So I’m going to ask Andrew about how he gets these interviews, how he builds his audience with the interviews, how he gets the people to talk and dish the good stuff in those interviews, and why he decided to build that whole site based on that type of content? Because as you know, I’m a huge proponent of interviews. We talk about it here all the time and we have sites that we make the majority of our revenue on as paid content sites with interviews. So Andrew is an expert in that area after doing this for so long.
So Andrew, thank you very much for joining me on the phone today.
Andrew Warner: Thanks for having me on. And the other thing I want to make sure to tell people is how to use interviews to get traffic because you know what?
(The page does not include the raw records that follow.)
(* The sub-set-operad of $\mathrm{RWS}$ generated by $A_\prec$ and $A_\succ$ consists exactly of the recursively labelled red and white trees in which every node has exactly one label (no empty nodes and no node with two or more labels).
   Context: Red and white trees: $\mathrm{RW}(n)$ is the set of finite rooted trees (children unordered) whose nodes $z$ carry possibly empty label sets $L(z)\subseteq[n]$ partitioning $[n]$, each empty node having at least two children; labelled nodes are white, an empty node is red iff all its children are white. Composition $T_1\circ_xT_2$ ($T_1\in\mathrm{RW}(m)$, $T_2\in\mathrm{RW}(n)$): relabel $T_1$ by $y\mapsto y+n-1$ for $y>x$ and $T_2$ by $y\mapsto y+x-1$; $z\ni x$ in $T_1$, $r$ = root of $T_2$. (W) $r$ not red: remove $x$ from $L(z)$, add $L(r)$ to $L(z)$, children of $r$ become children of $z$. (R1) $r$ red, $T_1$ the single node $\{x\}$: result $T_2$. (R2) $r$ red and ($z$ has a child or $|L(z)|\ge2$): remove $x$ from $L(z)$, attach $T_2$ as child subtree of $z$. (R3) $r$ red, $z$ non-root leaf with $L(z)=\{x\}$: delete $z$, children of $r$ become children of the parent of $z$. Colours recomputed. A tree is recursively labelled if for each node the union of label sets in its subtree is an interval of integers. $\mathrm{RWS}$ is the sub-set-operad generated by $A_\mu$ (single node $\{1,2\}$), $A_\prec$ (root $\{1\}$ with child $\{2\}$), $A_\succ$ (root $\{2\}$ with child $\{1\}$), $A_\odot$ (empty red root with children $\{1\},\{2\}$). *)

From Stdlib Require Import List Permutation.
From mathcomp Require Import all_boot.
Set Implicit Arguments.
Unset Strict Implicit.
Unset Printing Implicit Defensive.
There’s nothing worse than putting your heart and soul and hours of agony staring at that computer screen writing the perfect blog post and then nobody comes or maybe your mother or a friend of yours come, and then that’s even worse because then you feel bad that your friend is now doing you this favor and looking at this blog post that now you feel stinks. There’s nothing worse than doing all that work and not having anyone come. I’m going to tell people how they can use interviews to get traffic to get people over to their websites.
Tim Bourquin: Perfect. Well, let’s kind of start with that because I know that I’ve been tempted in the past to interview somebody who maybe isn’t the best person for it, but I know that they’re going to push it out to a ton of people and their audience. Typically, that’s not the case. If they have a big audience and they’re going to push it out there right for you. But have you ever been tempted to interview somebody just because you thought that they may not be a great interview, but you knew they’d bring people to your site?
Andrew Warner: There are enough people who would be great interviews and also would bring over traffic that I don’t worry too much about that. The other thing is I have a different philosophy from you. I believe that I can’t tell who’s going to be that great interview guest. I’ve had people on who I — just before the interview I said, “I don’t want to interview them.” I remember saying to my wife, “I got to stay and have a conversation with this idiot for an hour, and this guy hasn’t done anything, and he’s not going to be interesting.” And then in the interview, maybe five minutes in, the guy wins me over, and I have one of the best interviews ever, and people a year later will e-mail me to say that that person changed their lives. And mine too because the person who I though wouldn’t be helpful at all and wouldn’t be a good interview, ended up being not only a great interview but a personal friend and supporter. So I do as many interviews as I can, and then I kind of let the audience and the experience figure out who’s going to be the best guest.
Tim Bourquin: I like that strategy, except that you’re live. It’s almost like it has to be good for those people that are on live. For me if I record it and I don’t use it, that’s just my time. No big deal. But you’re live with an audience as you interview.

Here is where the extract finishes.